Essa moeda digital demorou algum tempo para deixar de ser apenas mais um intrigante e promissor experimento hacker e cair de vez nas graças dos investidores. Mas assim que isso ocorreu, sua evolução vem sendo surpreendente.

Alimentado pela promessa de ganhos sempre crescentes, sua escalada impulsiona e é impulsionada por uma verdadeira “corrida ao ouro”. Novas cryptomoedas, como o Bitcoin, e novos ambientes de negociação são criados, empresas de tecnologia e investidores de risco entram e saem do negócio em curto intervalo de tempo; para não mencionarmos os esquemas fraudulentos levados a cabo neste novo faroeste financeiro –um ambiente livre de regulação, bem ao gosto do liberalismo selvagem.

Mas se essa nova mania tem feito muita gente esfregar as mãos de entusiasmo, já começa também a causar preocupação em grandes gurus das finanças, instituições financeiras, governos e reguladores. Algo que ocorre nem tanto devido à magnitude de seu volume financeiro, mas sobretudo por conta de sua trajetória acentuada de crescimento e pelo risco que configura para os mercados em geral.
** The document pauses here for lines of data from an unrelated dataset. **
(* Let $d\in\mathbb{N}$. There exists a constant $\Lambda=\Lambda(d)>0$ such that the following holds. Let $\mu,\nu$ be Borel probability measures on $[0,1]^{d}$, let $n\in\mathbb{N}$, let $\mathcal{T}$ be a finite $\mu$-partition of $[0,1]^{d}$, let $c>1$, and let $$X\subseteq \tfrac{1}{cn}\mathbb{Z}^{d}\cap\bigcup\mathcal{T},\qquad Y\subseteq \tfrac{1}{n}\mathbb{Z}^{d}\cap[0,1]^{d}$$ be finite sets such that $$\mu(T)\geq \frac{1}{n^{d}}|X\cap T|\quad\text{for every }T\in\mathcal{T},$$ and $$\nu(E)\leq \frac{1}{n^{d}}\left|\left\{y\in Y\colon d_{\infty}(y,E)\leq \tfrac{1}{n}\right\}\right|\quad\text{for every $\nu$-measurable }E\subseteq[0,1]^{d},$$ where $d_{\infty}$ is the distance induced by $\|\cdot\|_{\infty}$. Let $f\colon[0,1]^{d}\to[0,1]^{d}$ be a Lipschitz mapping with $f_{\sharp}\mu=\nu$. Then there exists an injective mapping $g\colon X\to Y$ with $$\operatorname{Lip}(g)\leq \Lambda\max\{1,\operatorname{Lip}(f)\}\,c\left(n\cdot\max_{T\in\mathcal{T}}\operatorname{diam}T+1\right).$$
   Context: Given a measure $\mu$ on $[0,1]^{d}$, a collection $\mathcal{T}$ of subsets of $[0,1]^{d}$ is a $\mu$-partition of $[0,1]^{d}$ if $\mu([0,1]^{d}\setminus\bigcup\mathcal{T})=0$ and $\mu(T\cap T')=0$ for all distinct $T,T'\in\mathcal{T}$. $f_\sharp\mu$ denotes the pushforward measure. Lipschitz constants and diameters are with respect to the Euclidean metric. *)

From HB Require Import structures.
From mathcomp Require Import all_boot all_order all_algebra.
From mathcomp Require Import finmap.
From mathcomp Require Import all_classical all_reals all_analysis.
Unset Printing Implicit Defensive.
Import Order.TTheory GRing.Theory Num.Theory numFieldNormedType.Exports.
Local Open Scope classical_set_scope.
Local Open Scope ring_scope.

Section Defs.
Variables (R : realType) (d : nat).
Local Notation V := 'rV[R]_d.

Definition enorm (x : V) : R := Num.sqrt (\sum_(i < d) (x ord0 i) ^+ 2).

Definition dinf (x y : V) : R := \big[Num.max/0]_(i < d) `|x ord0 i - y ord0 i|.

(* d_oo distance from a point to a set (+oo for the empty set) *)
Definition dinf_set (x : V) (E : set V) : \bar R :=
  ereal_inf [set (dinf x e)%:E | e in E].
(* There exists an $\mathrm{RDCQS}(8^{4}:2)$.
   Context: A candelabra quadruple system $\mathrm{CQS}(g^n:s)$ is a quadruple $(X,S,\mathcal{G},\mathcal{A})$ where $S\subseteq X$ with $|S|=s$ (the stem), $\mathcal{G}$ is a partition of $X\setminus S$ into $n$ groups of size $g$, and $\mathcal{A}$ is a set of $4$-subsets of $X$ such that every $3$-subset of $X$ not contained in $S\cup G$ for any $G\in\mathcal{G}$ lies in exactly one block, while no $3$-subset of any $S\cup G$ lies in a block. For $x\in X$ let $\mathcal{A}_x=\{A\setminus\{x\}:x\in A\in\mathcal{A}\}$. A parallel class (PC) of a set $Y$ is a set of pairwise disjoint blocks whose union is $Y$. An incomplete Kirkman triple system $\mathrm{KTS}(v,h)$ is a triple $(Y,H,\mathcal{B})$ with $|Y|=v$, $H\subseteq Y$, $|H|=h$, $\mathcal{B}$ a set of $3$-subsets such that each pair of $Y$ not contained in $H$ lies in exactly one block and no pair inside $H$ lies in a block, and $\mathcal{B}$ partitions into $\frac{v-h}{2}$ PCs of $Y$ and $\frac{h-1}{2}$ PCs of $Y\setminus H$. A Kirkman frame $\mathrm{KF}(g^n)$ on a set $Z$ with a partition $\mathcal{G}$ into $n$ groups of size $g$ is a set of $3$-subsets, each meeting every group in at most one point, such that every pair of points from distinct groups lies in exactly one block, and whose blocks can be partitioned into classes each being a PC of $Z\setminus G$ for some $G\in\mathcal{G}$. An $\mathrm{RDCQS}(g^n:s)$ is a $\mathrm{CQS}(g^n:s)$ such that for each $x\in G\in\mathcal{G}$, $(X\setminus\{x\},(G\cup S)\setminus\{x\},\mathcal{A}_x)$ is a $\mathrm{KTS}(gn+s-1,g+s-1)$, and for each $x\in S$, $\mathcal{A}_x$ is a $\mathrm{KF}(g^n)$ on $X\setminus S$ with group set $\mathcal{G}$. *)

From mathcomp Require Import all_boot.
Set Implicit Arguments. Unset Strict Implicit. Unset Printing Implicit Defensive.
(* For any $(2^{nR_1},2^{nR_2},n)$ code (with deterministic feedback encoders $x_{ki}=\phi_{ki}(w_k,z_k^{i-1})$) for the state-dependent discrete memoryless MAC with generalized feedback, with independent messages $W_1,W_2$, letting $Z_i=(Z_{1i},Z_{2i})$ and $Z^{i-1}=(Z_1,\dots,Z_{i-1})$, $$\sum_{i=1}^nI(X_{1i};X_{2i}\mid Z^{i-1})\le\sum_{i=1}^nI(X_{1i};X_{2i}\mid Z_i,Z^{i-1}).$$
   Context: Model: finite alphabets; states $S_i$ i.i.d. $\sim P_S$ independent of the messages; memoryless channel $P_{YZ_1Z_2|X_1X_2S}$ producing $(Y_i,Z_{1i},Z_{2i})$ from $(X_{1i},X_{2i},S_i)$; encoder $k$ maps its message $w_k$ and its past feedback $z_k^{i-1}=(z_{k1},\dots,z_{k,i-1})$ to $x_{ki}$. *)

From HB Require Import structures.
From mathcomp Require Import all_boot.
From Stdlib Require Import Reals.

Set Implicit Arguments.
Unset Strict Implicit.
Unset Printing Implicit Defensive.

Lemma Rplus_assoc' : associative Rplus.
Proof. by move=> x y z; rewrite Rplus_assoc. Qed.
Lemma Rmult_assoc' : associative Rmult.
Proof. by move=> x y z; rewrite Rmult_assoc. Qed.
HB.instance Definition _ := Monoid.isComLaw.Build R R0 Rplus Rplus_assoc' Rplus_comm Rplus_0_l.
HB.instance Definition _ := Monoid.isComLaw.Build R R1 Rmult Rmult_assoc' Rmult_comm Rmult_1_l.

Definition Rsum (T : finType) (f : T -> R) : R := \big[Rplus/R0]_(x : T) f x.

Definition log2 (x : R) : R := (ln x / ln 2)%R.

Definition pmfRV (Om A : finType) (p : Om -> R) (X : Om -> A) (a : A) : R :=
  \big[Rplus/R0]_(w : Om | X w == a) p w.

(* Conditional mutual information I(X;Y|Z) (in bits), with 0 log 0 = 0. *)
Definition condMI (Om A B C : finType) (p : Om -> R)
    (X : Om -> A) (Y : Om -> B) (Z : Om -> C) : R :=
  Rsum (fun a : A => Rsum (fun b : B => Rsum (fun c : C =>
    let pabc := pmfRV p (fun w => (X w, Y w, Z w)) (a, b, c) in
    let pac := pmfRV p (fun w => (X w, Z w)) (a, c) in
    let pbc := pmfRV p (fun w => (Y w, Z w)) (b, c) in
    let pc := pmfRV p Z c in
    if Rlt_dec R0 pabc then (pabc * log2 (pabc * pc / (pac * pbc)))%R
    else R0))).

(* Sample space of a length-n code: messages (w1,w2) and, for each time i,
   the tuple (S_i, Y_i, Z_{1i}, Z_{2i}). *)
Definition traj (n : nat) (S Y Z1 Z2 : finType) :=
  {ffun 'I_n -> S * Y * Z1 * Z2}.
Definition omega (M1 M2 n : nat) (S Y Z1 Z2 : finType) :=
  ('I_M1 * 'I_M2 * traj n S Y Z1 Z2)%type.

(* z_1^{i-1} and z_2^{i-1}: feedback strictly before time i (0-indexed). *)
Definition past1 (n : nat) (S Y Z1 Z2 : finType) (t : traj n S Y Z1 Z2)
    (i : 'I_n) : seq Z1 :=
  map (fun j : 'I_n => (t j).1.2) (filter (fun j : 'I_n => (j < i)%N) (enum 'I_n)).
Definition past2 (n : nat) (S Y Z1 Z2 : finType) (t : traj n S Y Z1 Z2)
    (i : 'I_n) : seq Z2 :=
  map (fun j : 'I_n => (t j).2) (filter (fun j : 'I_n => (j < i)%N) (enum 'I_n)).

Definition xin1 (M1 M2 n : nat) (S Y Z1 Z2 X1 : finType)
    (phi1 : 'I_n -> 'I_M1 -> seq Z1 -> X1)
    (o : omega M1 M2 n S Y Z1 Z2) (i : 'I_n) : X1 :=
  phi1 i o.1.1 (past1 o.2 i).
Definition xin2 (M1 M2 n : nat) (S Y Z1 Z2 X2 : finType)
    (phi2 : 'I_n -> 'I_M2 -> seq Z2 -> X2)
    (o : omega M1 M2 n S Y Z1 Z2) (i : 'I_n) : X2 :=
  phi2 i o.1.2 (past2 o.2 i).

(* Joint pmf induced by the code: independent uniform messages, i.i.d. states
   independent of messages, memoryless channel
   W y z1 z2 x1 x2 s = P_{Y Z1 Z2 | X1 X2 S}(y,z1,z2 | x1,x2,s). *)
Definition codePmf (M1 M2 n : nat) (S Y Z1 Z2 X1 X2 : finType)
    (PS : S -> R) (W : X1 -> X2 -> S -> Y -> Z1 -> Z2 -> R)
    (phi1 : 'I_n -> 'I_M1 -> seq Z1 -> X1)
    (phi2 : 'I_n -> 'I_M2 -> seq Z2 -> X2)
    (o : omega M1 M2 n S Y Z1 Z2) : R :=
  (/ INR M1 * / INR M2 *
   \big[Rmult/R1]_(i : 'I_n)
     (PS (o.2 i).1.1.1 *
      W (xin1 phi1 o i) (xin2 phi2 o i) (o.2 i).1.1.1
        (o.2 i).1.1.2 (o.2 i).1.2 (o.2 i).2))%R.

Definition Zat (M1 M2 n : nat) (S Y Z1 Z2 : finType) (i : 'I_n)
    (o : omega M1 M2 n S Y Z1 Z2) : Z1 * Z2 :=
  ((o.2 i).1.2, (o.2 i).2).

Definition Zpast (M1 M2 n : nat) (S Y Z1 Z2 : finType) (i : 'I_n)
    (o : omega M1 M2 n S Y Z1 Z2) : {ffun 'I_n -> option (Z1 * Z2)} :=
  [ffun j : 'I_n => if (j < i)%N then Some (Zat j o) else None].

From HB Require Import structures.
From mathcomp Require Import all_boot.
From Stdlib Require Import Reals Lra.

Set Implicit Arguments.
Unset Strict Implicit.
Unset Printing Implicit Defensive.

(* Let G_k = I(W_1;W_2 | Z^k).  The messages are independent, so G_0 = 0, and
   G_n >= 0.  At time i the channel makes Z_i depend on the past only through
   (X_1i, X_2i), hence H(Z_i | W_1, W_2, Z^{i-1}) = H(Z_i | X_1i, X_2i, Z^{i-1});
   and X_ki is a function of (W_k, Z^{i-1}), so conditioning reduces entropy:
   H(Z_i | W_k, Z^{i-1}) <= H(Z_i | X_ki, Z^{i-1}).  Expanding the four
   conditional mutual informations with these two facts gives
     G_{i+1} - G_i <= I(X_1i; X_2i | Z_i, Z^{i-1}) - I(X_1i; X_2i | Z^{i-1}),
   and summing over i the left-hand side telescopes to G_n - G_0 >= 0. *)

Lemma Rmult_0_l' : left_zero R0 Rmult. Proof. exact: Rmult_0_l. Qed.
Lemma Rmult_0_r' : right_zero R0 Rmult. Proof. exact: Rmult_0_r. Qed.
HB.instance Definition _ := Monoid.isMulLaw.Build R R0 Rmult Rmult_0_l' Rmult_0_r'.
Lemma Rmult_plus_distr_r' : left_distributive Rmult Rplus.
Proof. exact: Rmult_plus_distr_r. Qed.
Lemma Rmult_plus_distr_l' : right_distributive Rmult Rplus.
Proof. exact: Rmult_plus_distr_l. Qed.
HB.instance Definition _ :=
  Monoid.isAddLaw.Build R Rmult Rplus Rmult_plus_distr_r' Rmult_plus_distr_l'.

Open Scope R_scope.

Section RealSums.
Variable I : finType.
Implicit Types (P Q : pred I) (F G : I -> R).

Lemma sumR_le P F G :
  (forall i, P i -> F i <= G i) ->
  \big[Rplus/R0]_(i | P i) F i <= \big[Rplus/R0]_(i | P i) G i.
Proof.
move=> FG; apply: (big_ind2 (fun x y => x <= y)) => //; first lra.
by move=> *; lra.
Qed.

Lemma sumR_ge0 P F :
  (forall i, P i -> 0 <= F i) -> 0 <= \big[Rplus/R0]_(i | P i) F i.
Proof.
move=> F0; apply: (big_ind (fun x => 0 <= x)) => //; first lra.
by move=> *; lra.
Qed.

Lemma sumR_sub P F G :
  \big[Rplus/R0]_(i | P i) (F i - G i) =
  \big[Rplus/R0]_(i | P i) F i - \big[Rplus/R0]_(i | P i) G i.
Proof.
rewrite /Rminus big_split /=; congr (_ + _).
by rewrite (big_morph Ropp Ropp_plus_distr Ropp_0).
Qed.

Lemma sumR_le_subpred P Q F :
  (forall i, P i -> Q i) -> (forall i, 0 <= F i) ->
  \big[Rplus/R0]_(i | P i) F i <= \big[Rplus/R0]_(i | Q i) F i.
Proof.
move=> PQ F0; rewrite (big_mkcond P) (big_mkcond Q); apply: sumR_le => i _.
by case: (boolP (P i)) => [/PQ -> | _]; [lra | case: (Q i); [exact: F0 | lra]].
Qed.

Lemma sumR_const P c : \big[Rplus/R0]_(i | P i) c = INR #|P| * c.
Proof.
rewrite (eq_bigl (mem P)) // big_const; elim: #|_| => [|k IH]; first by rewrite Rmult_0_l.
by rewrite iterS IH S_INR; ring.
Qed.

Lemma prodR_ge0 P F :
  (forall i, 0 <= F i) -> 0 <= \big[Rmult/R1]_(i | P i) F i.
Proof.
move=> F0; apply: (big_ind (fun x => 0 <= x)); [lra | exact: Rmult_le_pos | by []].
Qed.

End RealSums.

Lemma sumR_pair (I J : finType) (F : I * J -> R) :
  \big[Rplus/R0]_(v : I * J) F v =
  \big[Rplus/R0]_(i : I) \big[Rplus/R0]_(j : J) F (i, j).
Proof. by rewrite pair_big; apply: eq_bigr => -[]. Qed.

Lemma ln_ge_1_sub_inv x : 0 < x -> 1 - / x <= ln x.
Proof.
move=> x0; have := exp_ineq1_le (ln (/ x)).
rewrite exp_ln; last exact: Rinv_0_lt_compat.
rewrite ln_Rinv //; lra.
Qed.

Lemma ln2_gt0 : 0 < ln 2.
Proof. by rewrite -ln_1; apply: ln_increasing; lra. Qed.

Lemma Rinv_ge0 x : 0 <= x -> 0 <= / x.
Proof.
case=> [x0 | <-]; last by rewrite Rinv_0; lra.
by left; apply: Rinv_0_lt_compat.
Qed.

Lemma sumR_telescope (G : nat -> R) m :
  \big[Rplus/R0]_(i < m) (G i.+1 - G i) = G m - G 0%nat.
Proof.
elim: m => [|m IH]; first by rewrite big_ord0; ring.
by rewrite big_ord_recr /= IH; ring.
Qed.

Lemma xlog2_div_ge (x y : R) : 0 < x -> 0 < y -> (x - y) / ln 2 <= x * log2 (x / y).
Proof.
move=> x0 y0; have l2 := ln2_gt0; have xy0 : 0 < x / y by apply: Rdiv_lt_0_compat.
have := ln_ge_1_sub_inv xy0; rewrite /log2 Rinv_div => lnxy.
have -> : (x - y) / ln 2 = x * ((1 - y / x) / ln 2) by field; lra.
apply: Rmult_le_compat_l; first lra.
by apply: Rmult_le_compat_r; [left; apply: Rinv_0_lt_compat | ].
Qed.

Section FiniteProbability.
Variables (Om : finType) (p : Om -> R).
Hypothesis p_ge0 : forall w, 0 <= p w.

Lemma pmfRV_ge0 (A : finType) (U : Om -> A) a : 0 <= pmfRV p U a.
Proof. by apply: sumR_ge0. Qed.

Lemma pmfRV_le (A B : finType) (U : Om -> A) (V : Om -> B) u v :
  (forall w, U w = u -> V w = v) -> pmfRV p U u <= pmfRV p V v.
Proof. by move=> UV; apply: sumR_le_subpred => // w /eqP/UV ->. Qed.

Lemma pmfRV_gt0 (A : finType) (U : Om -> A) w : 0 < p w -> 0 < pmfRV p U (U w).
Proof.
have -> : p w = pmfRV p (@id Om) w by rewrite /pmfRV big_pred1_eq.
by move=> pw; apply: Rlt_le_trans pw _; apply: pmfRV_le => w' ->.
Qed.

Lemma sum_pmfRV_mul (A : finType) (U : Om -> A) (h : A -> R) :
  \big[Rplus/R0]_(a : A) (pmfRV p U a * h a) = \big[Rplus/R0]_(w : Om) (p w * h (U w)).
Proof.
rewrite (partition_big U xpredT) //; apply: eq_bigr => a _.
by rewrite /pmfRV big_distrl; apply: eq_bigr => w /eqP <-.
Qed.

Lemma sum_pmfRV_fst (A C : finType) (X : Om -> A) (Z : Om -> C) c :
  \big[Rplus/R0]_(a : A) pmfRV p (fun w => (X w, Z w)) (a, c) = pmfRV p Z c.
Proof.
rewrite /pmfRV (partition_big X xpredT) //; apply: eq_bigr => a _.
by apply: eq_bigl => w; rewrite xpair_eqE andbC.
Qed.

Definition negentropy (A : finType) (U : Om -> A) : R :=
  \big[Rplus/R0]_(w : Om) (p w * ln (pmfRV p U (U w))).

Definition cmi (A B C : finType) (X : Om -> A) (Y : Om -> B) (Z : Om -> C) : R :=
  negentropy (fun w => (X w, Y w, Z w)) + negentropy Z
  - negentropy (fun w => (X w, Z w)) - negentropy (fun w => (Y w, Z w)).

Lemma negentropy_eq (A B : finType) (U : Om -> A) (V : Om -> B) :
  (forall w w', U w = U w' <-> V w = V w') -> negentropy U = negentropy V.
Proof.
move=> UV; apply: eq_bigr => w _; congr (_ * ln _).
by apply: eq_bigl => w'; apply/eqP/eqP => /UV.
Qed.

Lemma negentropy_swap (A D P : finType) (U : Om -> A) (Dv : Om -> D) (Pv : Om -> P) :
  negentropy (fun w => (U w, (Dv w, Pv w))) = negentropy (fun w => (U w, Pv w, Dv w)).
Proof. by apply: negentropy_eq => w w'; split=> ?; congruence. Qed.

Lemma cmi_eq_cond (A B C C' : finType) (X : Om -> A) (Y : Om -> B)
    (Z : Om -> C) (Z' : Om -> C') :
  (forall w w', Z w = Z w' <-> Z' w = Z' w') -> cmi X Y Z = cmi X Y Z'.
Proof.
move=> ZZ'.
have pairZ (T : finType) (V : Om -> T) :
    negentropy (fun w => (V w, Z w)) = negentropy (fun w => (V w, Z' w)).
  apply: negentropy_eq => w w'.
  by split=> -[-> eZ]; congr pair; apply/ZZ'.
by rewrite /cmi (negentropy_eq ZZ') (pairZ _ (fun w => (X w, Y w))) pairZ pairZ.
Qed.

Section ConditionalMutualInformation.
Variables (A B C : finType) (X : Om -> A) (Y : Om -> B) (Z : Om -> C).

Local Notation pXYZ := (pmfRV p (fun w => (X w, Y w, Z w))).
Local Notation pXZ := (pmfRV p (fun w => (X w, Z w))).
Local Notation pYZ := (pmfRV p (fun w => (Y w, Z w))).
Local Notation pZ := (pmfRV p Z).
Estados e grandes bancos já falam em revidar criando suas próprias cryptomoedas, e autoridades começam, aos poucos, a intervir por meio de regras e proibições. De Brasília a Nova York, esquemas vêm sendo desmantelados, levando, em alguns casos, seus agentes à prisão. Seria ingênuo imaginar, afinal, que, tocando em aspectos tão sensíveis da economia mundial, as cryptomoedas fariam imperturbáveis seu caminho rumo ao sonho hayekiano de “desestatização” do dinheiro capitalista.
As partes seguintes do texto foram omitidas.